=== Data for this task ===
(* Cut [v] at an occurrence of [u] near its start and recurse on the remainder. *)
Lemma F0_le_tiling : forall v, W0 v -> F0 v <= mu * INR (length v) + D'.
Proof.
  assert (HD : 0 <= D)
    by (pose proof (Fmax_le_linear 0); pose proof (Fmax_nonneg 0); simpl in *; lra).
  assert (HD' : D <= D') by (unfold D'; pose proof (pos_INR (L * length u)); nra).
  assert (Hu1 : (1 <= length u)%nat) by (destruct u; [congruence | simpl; lia]).
  intros v. remember (length v) as N eqn:HN. revert v HN.
  induction N as [N IH] using lt_wf_ind. intros v HN Hv.
  destruct (le_lt_dec (L * length u) N) as [Hlong | Hshort].
  - assert (Hv' : W v).
    { destruct Hv as [-> | Hv]; [|exact Hv].
      simpl in HN. nia. }
    destruct (W_recurrent u v u_in_W Hv' ltac:(lia)) as [g [v' [-> Hg]]].
    rewrite !length_app in HN.
    pose proof (F0_subadditive _ _ Hv) as Hsplit1.
    pose proof (F0_subadditive _ _ (W0_app_r _ _ Hv)) as Hsplit2.
    pose proof (IH (length v') ltac:(lia) v' eq_refl (W0_app_r _ _ (W0_app_r _ _ Hv))).
    pose proof (Fmax_ge g (W0_app_l _ _ Hv)). pose proof (Fmax_le_linear (length g)).
    assert (F0 u = F u) by (destruct u; [congruence | reflexivity]).
    assert ((kappa - mu) * INR (length g) <= (kappa - mu) * INR (L * length u))
      by (apply Rmult_le_compat_l; [lra | apply le_INR; exact Hg]).
    rewrite HN, !plus_INR. unfold D' in *. lra.
  - pose proof (Fmax_ge v Hv). pose proof (Fmax_le_linear (length v)).
    assert ((kappa - mu) * INR N <= (kappa - mu) * INR (L * length u))
      by (apply Rmult_le_compat_l; [lra | apply le_INR; lia]).
    subst N. unfold D'. lra.
Qed.

Lemma fekete_limit_le_of_tiling : lambda <= mu.
Proof.
  apply Rnot_lt_le. intros Hlt.
  destruct (INR_unbounded (D' / (lambda - mu))) as [N0 HN0].
  set (N := S N0).
  assert (HN : D' / (lambda - mu) < INR N) by (unfold N; rewrite S_INR; lra).
  assert (HNR : 1 <= INR N) by (apply (le_INR 1); unfold N; lia).
  pose proof (fekete_limit_le Fmax Fmax_nonneg N ltac:(unfold N; lia)) as Hlam. fold lambda in Hlam.
  assert (Fmax N <= mu * INR N + D') by (apply Fmax_le; intros w Hw <-; apply F0_le_tiling, Hw).
  apply Rmult_le_compat_r with (r := INR N) in Hlam; [|lra].
  unfold Rdiv in Hlam. rewrite Rmult_assoc, Rinv_l, Rmult_1_r in Hlam by lra.
  apply Rmult_lt_compat_r with (r := lambda - mu) in HN; [|lra].
  unfold Rdiv in HN. rewrite Rmult_assoc, Rinv_l, Rmult_1_r in HN by lra.
  lra.
Qed.

End Tiling.

Lemma F_lower eps : 0 < eps ->
  exists N, forall u, W u -> (N <= length u)%nat -> (lambda - eps) * INR (length u) <= F u.
Proof.
  intros He.
  assert (HL : 1 <= INR L) by (apply (le_INR 1); exact L_pos).
  set (eta := eps / (4 * (INR L + 1))).
  assert (Heta : 0 < eta) by (apply Rdiv_lt_0_compat; lra).
  assert (2 * eta * INR L <= eps / 2 /\ eta <= eps / 4) as [HetaL Heta4].
  { unfold eta. split; apply Rmult_le_reg_r with (4 * (INR L + 1)); try lra;
      field_simplify; nra. }
  destruct (subadditive_linear_bound Fmax Fmax_nonneg Fmax_subadditive eta Heta) as [D HD].
  destruct (INR_unbounded (4 * D / eps)) as [N0 HN0].
  exists (S N0). intros u Hu Hlen. apply Rnot_lt_le. intros Hcheap.
  assert (Hu0 : u <> []) by (intros ->; simpl in Hlen; lia).
  set (n := length u) in *.
  assert (HnR : 4 * D / eps <= INR n)
    by (apply Rlt_le, (Rlt_le_trans _ (INR N0)); [lra | apply le_INR; lia]).
  assert (HDn : D <= eps / 4 * INR n).
  { replace D with (eps / 4 * (4 * D / eps)) by (field; lra). apply Rmult_le_compat_l; lra. }
  enough (lambda <= lambda - eta) by lra.
  apply (fekete_limit_le_of_tiling u Hu Hu0 (lambda + eta) (lambda - eta) D HD); [lra|].
  pose proof (pos_INR n).
  assert (2 * eta * INR L * INR n <= eps / 2 * INR n) by (apply Rmult_le_compat_r; lra).
  assert (eta * INR n <= eps / 4 * INR n) by (apply Rmult_le_compat_r; lra).
  fold n. rewrite mult_INR. nra.
Qed.
Lemma riccati_gen_eig (Ci : 'M[R]_n) w t : (Ci + Sig) \in unitmx -> 0 <= t ->
  gen_eig Ci Sig w t ->
  gen_eig (Sig - Sig *m invmx (Ci + Sig) *m Sig) Sig w (riccati_eig t).
Proof.
rewrite /gen_eig => CS_unit t_ge0 wt.
have CSw : (Ci + Sig) *m w = (1 + t) *: (Sig *m w).
  by rewrite mulmxDl wt scalerDl scale1r addrC.
have invCS : invmx (Ci + Sig) *m (Sig *m w) = (1 + t)^-1 *: w.
  have t1_neq0 : 1 + t != 0 by apply/lt0r_neq0; lra.
  have := mulKmx CS_unit w; rewrite CSw -scalemxAr => CSK.
  by rewrite -{2}CSK scalerA mulVf // scale1r.
by rewrite mulmxBl -!mulmxA invCS -scalemxAr scalerBl scale1r.
Qed.

Lemma gen_eigbasis_unitmx (Ci : 'M[R]_n) (W : 'I_n -> 'cV_n) (d : 'I_n -> R) :
  row_free (\matrix_(k < n) (W k)^T) -> (forall l, 0 <= d l) ->
  (forall l, gen_eig Ci Sig (W l) (d l)) -> (Ci + Sig) \in unitmx.
Proof.
move=> W_free d_ge0 W_eig; set P := (\matrix_(k < n) (W k)^T)^T.
have colP A l i : (A *m P) i l = (A *m W l) i 0.
  by rewrite !mxE; apply: eq_bigr => k _; rewrite !mxE.
set D := diag_mx (\row_l (1 + d l)).
have CSP : (Ci + Sig) *m P = Sig *m P *m D.
  apply/matrixP => i l; rewrite mul_mx_diag mxE !colP mulmxDl W_eig !mxE; ring.
have D_unit : D \in unitmx.
  rewrite unitmxE det_diag unitfE; apply/prodf_neq0 => l _; rewrite mxE.
  by apply/lt0r_neq0; have := d_ge0 l; lra.
have : (Ci + Sig) *m P \in unitmx.
  by rewrite CSP !unitmx_mul Sig_unit unitmx_tr -row_free_unit W_free.
by rewrite unitmx_mul => /andP[].
Qed.
(* Let $\Omega=(\lambda x.x\,x)(\lambda x.x\,x)$. Then $\Omega\approx^p_{\emptyset}\mathcal Sk.\Omega$.
   Context: Terms of $\lambda_S$: $t ::= x \mid \lambda x.t \mid t\,t \mid \mathcal{S}k.t \mid \langle t\rangle$ (shift binds $k$; $\langle\cdot\rangle$ reset), up to $\alpha$-conversion. Values $v::=\lambda x.t$. Pure contexts $E ::= \Box \mid v\,E \mid E\,t$; evaluation contexts $F ::= \Box \mid v\,F \mid F\,t \mid \langle F\rangle$. Reduction: $F[(\lambda x.t)v]\to F[t\{v/x\}]$; $F[\langle E[\mathcal Sk.t]\rangle]\to F[\langle t\{\lambda x.\langle E[x]\rangle/k\}\rangle]$ ($x\notin\mathrm{fv}(E)$); $F[\langle v\rangle]\to F[v]$; $\to^*$ reflexive-transitive closure. Program: term $\langle t\rangle$ (ranged over by $p$). Closures: for $R$ a relation on closed terms, $\widetilde R$ is the smallest relation containing $R$, all $(x,x)$, closed under all term constructors, restricted to closed terms; $\widehat R$ is the smallest relation on closed evaluation contexts with $\Box\widehat R\Box$, $v_0F_0\widehat Rv_1F_1$ if $F_0\widehat RF_1,v_0\widetilde Rv_1$; $F_0t_0\widehat RF_1t_1$ if $F_0\widehat RF_1,t_0\widetilde Rt_1$; $\langle F_0\rangle\widehat R\langle F_1\rangle$ if $F_0\widehat RF_1$. Environmental bisimilarity for programs: an environment $\mathcal E$ is a relation on closed values; an environmental relation $\mathcal X$ is a set of environments and triples $(\mathcal E,t_0,t_1)$, $t_0,t_1$ closed, written $t_0\mathcal X_{\mathcal E}t_1$. $\mathcal X$ is an environmental bisimulation for programs if (1) if $t_0\mathcal X_{\mathcal E}t_1$ and $t_0,t_1$ are not both programs, then for all pure $E_0\widehat{\mathcal E}E_1$, $\langle E_0[t_0]\rangle\mathcal X_{\mathcal E}\langle E_1[t_1]\rangle$; (2) if $p_0\mathcal X_{\mathcal E}p_1$: (a) $p_0\to p_0'$ (program) implies $p_1\to^*p_1'$ (program) with $p_0'\mathcal X_{\mathcal E}p_1'$; (b) $p_0\to v_0$ implies $p_1\to^*v_1$ and $\{(v_0,v_1)\}\cup\mathcal E\in\mathcal X$; (c) symmetric conditions; (3) for $\mathcal E\in\mathcal X$, $(\lambda x.t_0)\mathcal E(\lambda x.t_1)$ and $v_0\widetilde{\mathcal E}v_1$ imply $t_0\{v_0/x\}\mathcal X_{\mathcal E}t_1\{v_1/x\}$. $\approx^p$ is the largest such relation; $t_0\approx^p_{\emptyset}t_1$ means $(\emptyset,t_0,t_1)\in\approx^p$. *)

From Stdlib Require Import Arith Relations.

Inductive term : Type :=
| Var : nat -> term
| Lam : term -> term
| App : term -> term -> term
| Shift : term -> term          (* S k. t, k is index 0 in body *)
| Reset : term -> term.

Definition is_value (t : term) : Prop :=
  match t with Lam _ => True | _ => False end.

Definition is_program (t : term) : Prop :=
  match t with Reset _ => True | _ => False end.

Fixpoint closed_at (n : nat) (t : term) : Prop :=
  match t with
  | Var m => m < n
  | Lam b => closed_at (S n) b
  | App a b => closed_at n a /\ closed_at n b
  | Shift b => closed_at (S n) b
  | Reset b => closed_at n b
  end.

Definition closed (t : term) : Prop := closed_at 0 t.

Fixpoint lift (c : nat) (t : term) : term :=
  match t with
  | Var n => if n <? c then Var n else Var (S n)
  | Lam b => Lam (lift (S c) b)
  | App a b => App (lift c a) (lift c b)
  | Shift b => Shift (lift (S c) b)
  | Reset b => Reset (lift c b)
  end.

Fixpoint liftn (k : nat) (t : term) : term :=
  match k with 0 => t | S k' => lift 0 (liftn k' t) end.

(* subst k u t = t{u/k}, decrementing the indices above k *)
Fixpoint subst (k : nat) (u : term) (t : term) : term :=
  match t with
  | Var n => if n <? k then Var n
             else if n =? k then liftn k u
             else Var (pred n)
  | Lam b => Lam (subst (S k) u b)
  | App a b => App (subst k u a) (subst k u b)
  | Shift b => Shift (subst (S k) u b)
  | Reset b => Reset (subst k u b)
  end.

(* pure contexts E ::= [] | v E | E t   (v = Lam b) *)
Inductive ectx : Type :=
| EHole : ectx
| EArg : term -> ectx -> ectx     (* EArg b E  =  (Lam b) E *)
| EFun : ectx -> term -> ectx.

(* evaluation contexts F ::= [] | v F | F t | <F> *)
Inductive fctx : Type :=
| FHole : fctx
| FArg : term -> fctx -> fctx     (* FArg b F  =  (Lam b) F *)
| FFun : fctx -> term -> fctx
| FReset : fctx -> fctx.

Fixpoint plugE (E : ectx) (t : term) : term :=
  match E with
  | EHole => t
  | EArg b E' => App (Lam b) (plugE E' t)
  | EFun E' u => App (plugE E' t) u
  end.

Fixpoint plugF (F : fctx) (t : term) : term :=
  match F with
  | FHole => t
  | FArg b F' => App (Lam b) (plugF F' t)
  | FFun F' u => App (plugF F' t) u
  | FReset F' => Reset (plugF F' t)
  end.

Fixpoint liftE (c : nat) (E : ectx) : ectx :=
  match E with
  | EHole => EHole
  | EArg b E' => EArg (lift (S c) b) (liftE c E')
  | EFun E' u => EFun (liftE c E') (lift c u)
  end.

Fixpoint embed (E : ectx) : fctx :=
  match E with
  | EHole => FHole
  | EArg b E' => FArg b (embed E')
  | EFun E' u => FFun (embed E') u
  end.

Definition cont (E : ectx) : term := Lam (Reset (plugE (liftE 0 E) (Var 0))).

Inductive step : term -> term -> Prop :=
| st_beta : forall F b v, is_value v ->
    step (plugF F (App (Lam b) v)) (plugF F (subst 0 v b))
| st_shift : forall F E t,
    step (plugF F (Reset (plugE E (Shift t))))
         (plugF F (Reset (subst 0 (cont E) t)))
| st_reset : forall F v, is_value v ->
    step (plugF F (Reset v)) (plugF F v).

Definition steps : term -> term -> Prop := clos_refl_trans term step.

Definition rel := term -> term -> Prop.

Inductive tctx (R : rel) : term -> term -> Prop :=
| tc_base : forall a b, R a b -> tctx R a b
| tc_var : forall n, tctx R (Var n) (Var n)
| tc_lam : forall a b, tctx R a b -> tctx R (Lam a) (Lam b)
| tc_app : forall a a' b b', tctx R a b -> tctx R a' b' ->
    tctx R (App a a') (App b b')
| tc_shift : forall a b, tctx R a b -> tctx R (Shift a) (Shift b)
| tc_reset : forall a b, tctx R a b -> tctx R (Reset a) (Reset b).

Definition tilde (R : rel) (a b : term) : Prop :=
  tctx R a b /\ closed a /\ closed b.

Inductive hat (R : rel) : fctx -> fctx -> Prop :=
| hat_hole : hat R FHole FHole
| hat_arg : forall b0 b1 F0 F1, hat R F0 F1 -> tilde R (Lam b0) (Lam b1) ->
    hat R (FArg b0 F0) (FArg b1 F1)
| hat_fun : forall F0 F1 t0 t1, hat R F0 F1 -> tilde R t0 t1 ->
    hat R (FFun F0 t0) (FFun F1 t1)
| hat_reset : forall F0 F1, hat R F0 F1 -> hat R (FReset F0) (FReset F1).

(* an environment is a relation on closed values *)
Definition env := rel.

Definition env_ok (E : env) : Prop :=
  forall a b, E a b -> is_value a /\ closed a /\ is_value b /\ closed b.

Definition env_empty : env := fun _ _ => False.

Definition env_add (v0 v1 : term) (E : env) : env :=
  fun a b => (a = v0 /\ b = v1) \/ E a b.

Record envrel : Type := {
  X_env : env -> Prop;
  X_tri : env -> term -> term -> Prop
}.

Definition is_bisim_p (X : envrel) : Prop :=
  (forall E, X_env X E -> env_ok E) /\
  (forall E t0 t1, X_tri X E t0 t1 -> env_ok E /\ closed t0 /\ closed t1) /\
  (* (1) *)
  (forall E t0 t1, X_tri X E t0 t1 -> ~ (is_program t0 /\ is_program t1) ->
     forall E0 E1, hat E (embed E0) (embed E1) ->
       X_tri X E (Reset (plugE E0 t0)) (Reset (plugE E1 t1))) /\
  (* (2) *)
  (forall E p0 p1, X_tri X E p0 p1 -> is_program p0 -> is_program p1 ->
     (* (a) *)
     (forall p0', step p0 p0' -> is_program p0' ->
        exists p1', steps p1 p1' /\ is_program p1' /\ X_tri X E p0' p1') /\
     (* (b) *)
     (forall v0, step p0 v0 -> is_value v0 ->
        exists v1, steps p1 v1 /\ is_value v1 /\ X_env X (env_add v0 v1 E)) /\
     (* (c) symmetric *)
     (forall p1', step p1 p1' -> is_program p1' ->
        exists p0', steps p0 p0' /\ is_program p0' /\ X_tri X E p0' p1') /\
     (forall v1, step p1 v1 -> is_value v1 ->
        exists v0, steps p0 v0 /\ is_value v0 /\ X_env X (env_add v0 v1 E))) /\
  (* (3) *)
  (forall E, X_env X E ->
     forall b0 b1 v0 v1, E (Lam b0) (Lam b1) ->
       is_value v0 -> is_value v1 -> tilde E v0 v1 ->
       X_tri X E (subst 0 v0 b0) (subst 0 v1 b1)).

(* environmental bisimilarity for programs: the largest bisimulation,
   i.e. the union of all of them *)
Definition approx_p_env (E : env) : Prop :=
  exists X, is_bisim_p X /\ X_env X E.
Definition approx_p (E : env) (t0 t1 : term) : Prop :=
  exists X, is_bisim_p X /\ X_tri X E t0 t1.

Definition omega_body : term := Lam (App (Var 0) (Var 0)).
Definition Omega : term := App omega_body omega_body.

(* Inside any pure context E, the program <E[Omega]> reduces only to itself,
   and <E[Sk.Omega]> reduces only to <Omega> by capturing E. Hence every
   reduct of such a program is again a closed program and no value is ever
   reached. The relation containing (Omega, Sk.Omega) together with all pairs
   of programs with this property, and no environment at all, is therefore a
   bisimulation: clause (1) plugs both terms into contexts and lands among such
   pairs, clause (2) is answered by standing still, and clauses (2b) and (3)
   are vacuous. *)
From Stdlib Require Import Relations Lia.

Inductive contract : term -> term -> Prop :=
| contract_beta b v : is_value v -> contract (App (Lam b) v) (subst 0 v b)
| contract_shift E t :
    contract (Reset (plugE E (Shift t))) (Reset (subst 0 (cont E) t))
| contract_reset v : is_value v -> contract (Reset v) v.

(* The terms at which the decomposition into a context stops. *)
Inductive focus : term -> Prop :=
| focus_beta b v : is_value v -> focus (App (Lam b) v)
| focus_reset t : focus (Reset t)
| focus_shift t : focus (Shift t).

Fixpoint fcomp (E : ectx) (F : fctx) : fctx :=
  match E with
  | EHole => F
  | EArg b E' => FArg b (fcomp E' F)
  | EFun E' u => FFun (fcomp E' F) u
  end.

Lemma plugF_embed E t : plugF (embed E) t = plugE E t.
Proof. induction E; simpl; congruence. Qed.

Lemma plugF_fcomp E F t : plugF (fcomp E F) t = plugE E (plugF F t).
Proof. induction E; simpl; congruence. Qed.

Lemma fcomp_hole E : fcomp E FHole = embed E.
Proof. induction E; simpl; congruence. Qed.

Lemma embed_inj E E' : embed E = embed E' -> E = E'.
Proof.
  revert E'; induction E; intros [|b' E'|E' u'] H; simpl in H;
    try discriminate; try reflexivity; injection H; intros; f_equal; auto.
Qed.

Lemma step_contract p q : step p q ->
  exists F r r', p = plugF F r /\ q = plugF F r' /\ contract r r'.
Proof.
  intros []; do 3 eexists; repeat split; constructor; assumption.
Qed.

Lemma contract_focus r r' : contract r r' -> focus r.
Proof. intros []; constructor; assumption. Qed.

Lemma focus_not_value r : focus r -> ~ is_value r.
Proof. intros []; simpl; auto. Qed.

Lemma is_value_plugE E t : is_value (plugE E t) -> is_value t.
Proof. destruct E; simpl; tauto. Qed.

Lemma not_value_plugF F t : ~ is_value t -> ~ is_value (plugF F t).
Proof. destruct F; simpl; tauto. Qed.

Lemma plugF_focus_not_value F r : focus r -> ~ is_value (plugF F r).
Proof. intros Hr; apply not_value_plugF, focus_not_value, Hr. Qed.

Lemma plugF_focus_plugE F r E t : focus r -> ~ is_value t ->
  plugF F r = plugE E t -> exists F', F = fcomp E F' /\ t = plugF F' r.
Proof.
  intros Hr Ht; revert F; induction E as [|b E IH|E IH u];
    intros F H; simpl in H.
  - exists F; auto.
  - destruct F as [|b' F|F u|F]; simpl in H; try discriminate.
    + subst r; inversion Hr as [b'' v Hv Hb | |]; subst.
      exfalso; apply Ht, (is_value_plugE E); exact Hv.
    + injection H; intros HF ->.
      destruct (IH F HF) as (F' & -> & ->); exists F'; auto.
    + injection H; intros _ HF.
      exfalso; apply (plugF_focus_not_value F r Hr); rewrite HF; exact I.
  - destruct F as [|b' F|F u'|F]; simpl in H; try discriminate.
    + subst r; inversion Hr as [b' v Hv Hb | |]; subst.
      exfalso; apply Ht, (is_value_plugE E); rewrite <- Hb; exact I.
    + injection H; intros _ HE.
      exfalso; apply Ht, (is_value_plugE E); rewrite <- HE; exact I.
    + injection H; intros -> HF.
      destruct (IH F HF) as (F' & -> & ->); exists F'; auto.
Qed.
===
Prompt: Using the entries above, return each line in which the word "assumption" occurs.

Solution to the exercise:
  intros []; do 3 eexists; repeat split; constructor; assumption.
Proof. intros []; constructor; assumption. Qed.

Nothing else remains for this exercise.